RECORDS FOR THE TASK section start

(* Let $S$ be an additive numerical semigroup with multiplicity $e$ whose blowup $B$ equals $\mathbb N$ (equivalently, $a_1-e=1$). Then ${\rm d}_{\max}(S)=d(e-1;B^{\mathcal D})$.
   Context: $S$ is a numerical semigroup (a submonoid of $\mathbb N$ with finite complement) with minimal generators $e<a_1<\dots<a_t$. An $S$-factorization of $n$ is $(c_0,\dots,c_t)\in\mathbb N^{t+1}$ with $c_0e+\sum c_ia_i=n$, of length $\sum c_i$. ${\rm ord}(n;S)$ is the maximal such length, ${\rm d}_{\max}(n;S)$ is the number of factorizations of maximal length, and ${\rm d}_{\max}(S)=\max_{n\in S}{\rm d}_{\max}(n;S)$. $S$ is additive if ${\rm ord}(u+e;S)={\rm ord}(u;S)+1$ for all $u\in S$. The blowup is $B=\langle e,d_1,\dots,d_t\rangle$ with $d_i=a_i-e$, and $\mathcal D=(e,d_1,\dots,d_t)$. $d(b;B^{\mathcal D})$ is the number of tuples $(x_0,\dots,x_t)\in\mathbb N^{t+1}$ with $x_0e+\sum x_id_i=b$. *)

From mathcomp Require Import all_boot.
Set Implicit Arguments. Unset Strict Implicit. Unset Printing Implicit Defensive.

(* A numerical semigroup is given by its list of minimal generators
   s = [:: e; a_1; ...; a_t] (strictly increasing). Entry i of s is nth 0 s i. *)

Definition in_monoid (s : seq nat) (n : nat) : Prop :=
  exists c : 'I_(size s) -> nat, \sum_(i < size s) c i * nth 0 s i = n.

(* All tuples (c_0,...,c_t) with sum c_i s_i = n.  When every entry of s is
   positive, each c_i <= n, so coefficients in 'I_n.+1 capture all of them. *)
Definition factorizations (s : seq nat) (n : nat)
  : {set {ffun 'I_(size s) -> 'I_n.+1}} :=
  [set c : {ffun 'I_(size s) -> 'I_n.+1} | \sum_(i < size s) (c i : nat) * nth 0 s i == n].

Definition flen (k m : nat) (c : {ffun 'I_k -> 'I_m}) : nat :=
  \sum_(i < k) (c i : nat).

Definition ord_len (s : seq nat) (n : nat) : nat :=
  \max_(c in factorizations s n) flen c.

Definition dmax_n (s : seq nat) (n : nat) : nat :=
  #|[set c in factorizations s n | flen c == ord_len s n]|.

Definition numsg_mingens (s : seq nat) : Prop :=
  [/\ sorted ltn s, 0 \notin s,
      (exists F, forall n, F <= n -> in_monoid s n) &
      forall a, a \in s -> ~ in_monoid (filter (predC1 a) s) a].

Definition multiplicity (s : seq nat) : nat := head 0 s.

Definition additive (s : seq nat) : Prop :=
  forall u, in_monoid s u -> ord_len s (u + multiplicity s) = (ord_len s u).+1.

(* the tuple D = (e, d_1, ..., d_t), d_i = a_i - e; B is the monoid it generates *)
Definition blowup_gens (s : seq nat) : seq nat :=
  multiplicity s :: [seq a - multiplicity s | a <- behead s].

Definition d_count (D : seq nat) (b : nat) : nat := #|factorizations D b|.

From mathcomp Require Import all_boot zify.
Set Implicit Arguments. Unset Strict Implicit. Unset Printing Implicit Defensive.

(* Write d_i = a_i - e, so that a factorization c of n has
   n = e * len(c) + sum_(i>0) c_i d_i.  Since B = N, every r < e is a combination
   of the d_i; turning such a combination of r = n mod e into a factorization of
   n + r e of length n div e + r and using additivity gives ord(n) = n div e on S.
   So a maximal factorization of n is determined by c_1..c_t, a combination of the
   d_i with value n mod e.  Factorizations of e - 1 in B^D never use e; padding by
   a fixed combination of e - 1 - (n mod e) gives d_max(n) <= d(e-1; B^D), and
   for n = e^2 - 1 every combination of e - 1 extends to a maximal factorization. *)

Lemma leq_card_in_map (T T' : finType) (A : {set T}) (B : {set T'}) (f : T -> T') :
  {in A, forall x, f x \in B} -> {in A &, injective f} -> #|A| <= #|B|.
Proof.
move=> fAB f_inj; rewrite -(card_in_imset f_inj).
by apply/subset_leq_card/subsetP => _ /imsetP[x Ax ->]; apply: fAB.
Qed.

Lemma leq_sum_term k (x : 'I_k -> nat) i : x i <= \sum_j x j.
Proof. by rewrite (bigD1 i) //= leq_addr. Qed.

Lemma eq_ord0_sum k (x y : 'I_k.+1 -> nat) :
  (forall i, i != ord0 -> x i = y i) -> \sum_i x i = \sum_i y i -> x ord0 = y ord0.
Proof.
move=> xy; rewrite (bigD1 ord0) // [RHS](bigD1 ord0) //= (eq_bigr _ xy).
by move/eqP; rewrite eqn_add2r => /eqP.
Qed.

Lemma ffun_eq_off_ord0 k m (c1 c2 : {ffun 'I_k.+1 -> 'I_m}) :
  (forall i, i != ord0 -> c1 i = c2 i :> nat) -> flen c1 = flen c2 -> c1 = c2.
Proof.
move=> c12 len12; have c120 := eq_ord0_sum c12 len12.
by apply/ffunP => i; apply/val_inj; case: (eqVneq i ord0) => [->|/c12].
Qed.

Definition wfactorizations k (w : nat -> nat) n : {set {ffun 'I_k -> 'I_n.+1}} :=
  [set c : {ffun 'I_k -> 'I_n.+1} | \sum_i (c i : nat) * w i == n].

Lemma card_factorizations_size t k n :
  size t = k -> #|factorizations t n| = #|wfactorizations k (nth 0 t) n|.
Proof. by move=> <-. Qed.

Lemma in_monoid_size t k n :
  size t = k -> in_monoid t n -> exists x : 'I_k -> nat, \sum_i x i * nth 0 t i = n.
Proof. by move=> <-. Qed.

Section WeightedFactorizations.

Variables (k : nat) (w : nat -> nat).
Hypothesis w_gt0 : forall i : 'I_k, 0 < w i.

Definition coef_ffun n (x : 'I_k -> nat) : {ffun 'I_k -> 'I_n.+1} :=
  [ffun i => inord (x i)].

Lemma coef_ffunE n (x : 'I_k -> nat) i : \sum_j x j * w j = n -> coef_ffun n x i = x i :> nat.
Proof.
move=> <-; rewrite ffunE inordK // ltnS.
apply: leq_trans (leq_sum_term (fun j => x j * w j) i).
by rewrite leq_pmulr.
Qed.

Lemma coef_ffun_in n (x : 'I_k -> nat) : \sum_j x j * w j = n -> coef_ffun n x \in wfactorizations k w n.
Proof.
move=> xn; rewrite inE -[X in _ == X]xn; apply/eqP/eq_bigr => i _.
by rewrite (coef_ffunE _ xn).
Qed.

Lemma coef_ffun_inj n (x y : 'I_k -> nat) : \sum_j x j * w j = n -> \sum_j y j * w j = n ->
  coef_ffun n x = coef_ffun n y -> x =1 y.
Proof. by move=> xn yn xy i; rewrite -(coef_ffunE i xn) -(coef_ffunE i yn) xy. Qed.

End WeightedFactorizations.

Section AdditiveWithFullBlowup.

Variables (e : nat) (A : seq nat).
Local Notation s := (e :: A).
Local Notation k := (size A).+1.
Local Notation w := (nth 0 s).
Local Notation d i := (nth 0 s i - e).
Local Notation D := (blowup_gens s).

Hypothesis e_gt0 : 0 < e.
Hypothesis e_lt_A : all (ltn e) A.

Lemma w_ge (i : 'I_k) : e <= w i.
Proof.
case: i => [[|i]] //= /[!ltnS] iA; apply/ltnW/(allP e_lt_A).
exact: mem_nth.
Qed.

Lemma w_gt0 (i : 'I_k) : 0 < w i.
Proof. exact: leq_trans e_gt0 (w_ge i). Qed.

Lemma d_gt0 (i : 'I_k) : i != ord0 -> 0 < d i.
Proof.
case: i => [[|i]] //= /[!ltnS] iA _; rewrite subn_gt0; apply/(allP e_lt_A).
exact: mem_nth.
Qed.

Lemma nth_blowup_gens i : nth 0 D i = if i == 0 then e else d i.
Proof.
case: i => [|i] //=; have [iA|Ai] := ltnP i (size A).
  by rewrite (nth_map 0).
by rewrite !nth_default ?size_map.
Qed.

Lemma blowup_weights_gt0 (i : 'I_k) : 0 < nth 0 D i.
Proof.
by rewrite nth_blowup_gens; case: eqP => [//|/eqP i0]; apply: d_gt0.
Qed.

Lemma sum_w_split (x : 'I_k -> nat) :
  \sum_i x i * w i = e * \sum_i x i + \sum_i x i * d i.
Proof.
rewrite big_distrr -big_split; apply: eq_bigr => i _.
by rewrite /= mulnBr (mulnC e) subnKC // leq_mul2l w_ge orbT.
Qed.

Lemma sum_blowup_split (x : 'I_k -> nat) :
  \sum_i x i * nth 0 D i = x ord0 * e + \sum_i x i * d i.
Proof.
rewrite (bigD1 ord0) // [X in _ = _ + X](bigD1 ord0) //= subnn muln0.
by congr (_ + _); apply: eq_bigr => i i0; rewrite nth_blowup_gens ifN.
Qed.

Lemma sum_le_sum_d (x : 'I_k -> nat) : x ord0 = 0 -> \sum_i x i <= \sum_i x i * d i.
Proof.
move=> x0; apply: leq_sum => i _.
by case: (eqVneq i ord0) => [->|i0]; rewrite ?x0 // leq_pmulr ?d_gt0.
Qed.

Lemma sum_blowup_small (x : 'I_k -> nat) b : b < e ->
  (\sum_i x i * nth 0 D i == b) = (x ord0 == 0) && (\sum_i x i * d i == b).
Proof.
move=> be; rewrite sum_blowup_split; case: (x ord0) => [|m] //=.
by apply/negbTE; rewrite neq_ltn orbC mulSn -addnA (leq_trans be) ?leq_addr.
Qed.

Definition fill_ord0 q (x : 'I_k -> nat) i := if i == ord0 then q - \sum_j x j else x i.

Lemma sum_fill_ord0 q (x : 'I_k -> nat) : x ord0 = 0 -> \sum_i x i <= q -> \sum_i fill_ord0 q x i = q.
Proof.
move=> x0 xq; rewrite (bigD1 ord0) //=.
have -> : \sum_(i | i != ord0) fill_ord0 q x i = \sum_i x i.
  by rewrite [RHS](bigD1 ord0) //= x0; apply: eq_bigr => i /negbTE i0; rewrite /fill_ord0 i0.
by rewrite /fill_ord0 eqxx subnK.
Qed.

Lemma sum_d_fill_ord0 q (x : 'I_k -> nat) : \sum_i fill_ord0 q x i * d i = \sum_i x i * d i.
Proof.
apply: eq_bigr => i _; rewrite /fill_ord0; case: eqP => [->|//].
by rewrite subnn !muln0.
Qed.

Lemma sum_w_fill_ord0 q (x : 'I_k -> nat) : x ord0 = 0 -> \sum_i x i <= q ->
  \sum_i fill_ord0 q x i * w i = e * q + \sum_i x i * d i.
Proof. by move=> x0 xq; rewrite sum_w_split sum_fill_ord0 // sum_d_fill_ord0. Qed.

Hypothesis s_additive : additive s.
Hypothesis blowup_full : forall b, in_monoid D b.

Lemma size_blowup_gens : size D = k.
Proof. by rewrite /= size_map. Qed.

Lemma small_blowup_decomp b : b < e ->
  exists2 x : 'I_k -> nat, x ord0 = 0 & \sum_i x i * d i = b.
Proof.
move=> be; have [x /eqP] := in_monoid_size size_blowup_gens (blowup_full b).
by rewrite sum_blowup_small // => /andP[/eqP x0 /eqP xb]; exists x.
Qed.

Lemma in_monoid_fill_ord0 q (x : 'I_k -> nat) : x ord0 = 0 -> \sum_i x i <= q ->
  in_monoid s (e * q + \sum_i x i * d i).
Proof. by move=> x0 xq; exists (fill_ord0 q x); rewrite sum_w_fill_ord0. Qed.

Lemma in_monoidDe n : in_monoid s n -> in_monoid s (n + e).
Proof.
case=> x xn; exists (fun i => x i + (i == ord0)).
under eq_bigr do rewrite mulnDl.
rewrite big_split /= xn (bigD1 ord0) //= big1 ?mul1n ?addn0 // => i /negbTE -> //.
Qed.

Lemma ord_len_addn_mul n m : in_monoid s n ->
  in_monoid s (n + m * e) /\ ord_len s (n + m * e) = ord_len s n + m.
Proof.
move=> sn; elim: m => [|m [snm IH]]; first by rewrite !addn0.
by rewrite mulSn addnCA addnC; split; [apply: in_monoidDe | rewrite s_additive // IH addnS].
Qed.

Lemma flen_le_ord_len n (c : {ffun 'I_k -> 'I_n.+1}) :
  c \in factorizations s n -> flen c <= ord_len s n.
Proof. exact: leq_bigmax_cond. Qed.

Lemma ord_len_le_div n : ord_len s n <= n %/ e.
Proof.
apply/bigmax_leqP => c /[!inE] /eqP cn; rewrite leq_divRL //.
by apply: leq_trans (eq_leq cn); rewrite sum_w_split mulnC leq_addr.
Qed.

(* With r = n mod e written as a D-combination x, filling the e-coordinate of x
   gives a factorization of n + r e of length n div e + r; additivity then
   transfers the length back to n. *)
Lemma ord_len_div n : in_monoid s n -> ord_len s n = n %/ e.
Proof.
move=> sn; apply/eqP; rewrite eqn_leq ord_len_le_div /=.
have [x x0 xr] := small_blowup_decomp (ltn_pmod n e_gt0).
set q := n %/ e; set r := n %% e.
have xqr : \sum_i x i <= q + r by rewrite (leq_trans (sum_le_sum_d x0)) // xr leq_addl.
rewrite -(leq_add2r r); have [_ <-] := ord_len_addn_mul r sn.
have yn : \sum_i fill_ord0 (q + r) x i * w i = n + r * e.
  by rewrite sum_w_fill_ord0 // xr {2}(divn_eq n e) -/q -/r; lia.
have := flen_le_ord_len (coef_ffun_in w_gt0 yn).
by rewrite /flen (eq_bigr _ (fun i _ => coef_ffunE w_gt0 i yn)) sum_fill_ord0.
Qed.

Lemma sum_d_max_factorization n (c : {ffun 'I_k -> 'I_n.+1}) : in_monoid s n ->
  c \in [set c in factorizations s n | flen c == ord_len s n] ->
  \sum_i (c i : nat) * d i = n %% e.
Proof.
move=> sn /[!inE] /andP[/eqP cn /eqP]; rewrite ord_len_div // => clen.
by apply/eqP; rewrite -(eqn_add2l (e * flen c)) -sum_w_split cn clen mulnC -divn_eq.
Qed.

Lemma in_small_blowup_factorizations b (x : {ffun 'I_k -> 'I_b.+1}) : b < e ->
  x \in wfactorizations k (nth 0 D) b -> x ord0 = 0 :> nat /\ \sum_i (x i : nat) * d i = b.
Proof. by move=> be; rewrite inE sum_blowup_small // => /andP[/eqP ? /eqP]. Qed.

(* Dropping the e-coordinate of a maximal factorization of n leaves a D-combination
   of n mod e; padding it by a fixed D-combination of the difference gives one of
   e - 1, injectively. *)
Lemma dmax_n_le n : in_monoid s n -> dmax_n s n <= d_count D e.-1.
Proof.
move=> sn; rewrite /dmax_n /d_count (card_factorizations_size _ size_blowup_gens).
set M := [set c in _ | _]; set r := n %% e.
have re : r <= e.-1 by rewrite -ltnS prednK // ltn_pmod.
have e1e : e.-1 < e by rewrite ltn_predL.
have [p p0 pr] := @small_blowup_decomp (e.-1 - r) (leq_ltn_trans (leq_subr _ _) e1e).
pose pad (c : {ffun 'I_k -> 'I_n.+1}) i := (if i == ord0 then 0 else c i : nat) + p i.
have pad_sum c : c \in M -> \sum_i pad c i * nth 0 D i = e.-1.
  move=> cM; apply/eqP; rewrite sum_blowup_small // /pad eqxx p0 /=.
  have cr : \sum_i (c i : nat) * d i = r := sum_d_max_factorization sn cM.
  rewrite -(subnKC re) -{1}cr -pr -big_split /=.
  apply/eqP/eq_bigr => i _; rewrite mulnDl; case: eqP => [->|//].
  by rewrite subnn !muln0.
apply: (@leq_card_in_map _ _ _ _ (fun c => coef_ffun e.-1 (pad c))).
  by move=> c cM; apply: coef_ffun_in (pad_sum c cM); apply: blowup_weights_gt0.
move=> c1 c2 c1M c2M /(coef_ffun_inj blowup_weights_gt0 (pad_sum _ c1M) (pad_sum _ c2M)) pad12.
apply: ffun_eq_off_ord0 => [i /negbTE i0|].
  by apply/eqP; rewrite -(eqn_add2r (p i)); have := pad12 i; rewrite /pad i0 => ->.
by move: c1M c2M; rewrite !inE => /andP[_ /eqP ->] /andP[_ /eqP ->].
Qed.

Lemma in_monoid_pred_sq : in_monoid s (e * e.-1 + e.-1).
Proof.
have [p p0 pe] := @small_blowup_decomp e.-1 ltac:(by rewrite ltn_predL).
by rewrite -{2}pe; apply: in_monoid_fill_ord0; rewrite // -pe sum_le_sum_d.
Qed.

(* A D-combination of e - 1 has length at most e - 1 = n div e, so filling its
   e-coordinate yields a maximal factorization of n. *)
Lemma dmax_n_pred_sq_ge : d_count D e.-1 <= dmax_n s (e * e.-1 + e.-1).
Proof.
rewrite /dmax_n /d_count (card_factorizations_size _ size_blowup_gens).
set n := e * e.-1 + e.-1.
have e1e : e.-1 < e by rewrite ltn_predL.
have ord_n : ord_len s n = e.-1.
  by rewrite (ord_len_div in_monoid_pred_sq) /n mulnC divnMDl // divn_small ?addn0.
pose fill_x (x : {ffun 'I_k -> 'I_e.-1.+1}) := fill_ord0 e.-1 (fun i => x i : nat).
have fill_x_sum x : x \in wfactorizations k (nth 0 D) e.-1 ->
    \sum_i fill_x x i * w i = n /\ \sum_i fill_x x i = e.-1.
  move=> /(in_small_blowup_factorizations e1e) [x0 xd].
  have xe : \sum_i (x i : nat) <= e.-1 := leq_trans (sum_le_sum_d x0) (eq_leq xd).
  by rewrite sum_w_fill_ord0 // sum_fill_ord0 // xd.
apply: (@leq_card_in_map _ _ _ _ (fun x => coef_ffun n (fill_x x))).
  move=> x /fill_x_sum [xn xlen]; rewrite inE; apply/andP; split.
    by have := coef_ffun_in w_gt0 xn.
  by rewrite ord_n /flen (eq_bigr _ (fun i _ => coef_ffunE w_gt0 i xn)) xlen.
move=> x1 x2 x1D x2D /(coef_ffun_inj w_gt0 (fill_x_sum _ x1D).1 (fill_x_sum _ x2D).1) fill12.
have [x10 _] := in_small_blowup_factorizations e1e x1D.
have [x20 _] := in_small_blowup_factorizations e1e x2D.
apply/ffunP => i; apply/val_inj => /=; case: (eqVneq i ord0) => [->|/negbTE i0].
  by rewrite x10 x20.
by have := fill12 i; rewrite /fill_x /fill_ord0 i0.
Qed.

End AdditiveWithFullBlowup.

Theorem proposition4p13 (s : seq nat) :
  numsg_mingens s -> additive s ->
  (forall n, in_monoid (blowup_gens s) n) ->
  (exists2 n, in_monoid s n &
     dmax_n s n = d_count (blowup_gens s) (multiplicity s).-1) /\
  (forall n, in_monoid s n ->
     dmax_n s n <= d_count (blowup_gens s) (multiplicity s).-1).
Proof.
case=> sorted_s s_pos [F frob] _ s_add full.
case: s sorted_s s_pos frob s_add full => [|e A] sorted_s s_pos frob s_add full.
  by have [c] := frob F.+1 (leqnSn F); rewrite big_ord0.
have e_gt0 : 0 < e by rewrite lt0n; apply: contraNneq s_pos => <-; apply: mem_head.
have e_lt_A : all (ltn e) A := order_path_min ltn_trans sorted_s.
have dmax_le := dmax_n_le e_gt0 e_lt_A s_add full.
have pred_sqS := in_monoid_pred_sq e_gt0 e_lt_A full.
split=> //; exists (e * e.-1 + e.-1) => //.
by apply/eqP; rewrite eqn_leq dmax_le //= dmax_n_pred_sq_ge.
Qed.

RECORDS FOR THE TASK section end

■ **WORK REQUEST**
Within these records, how many lines include the word "Variables"? The reply should be that number alone.

■ **EXPECTED OUTPUT**
2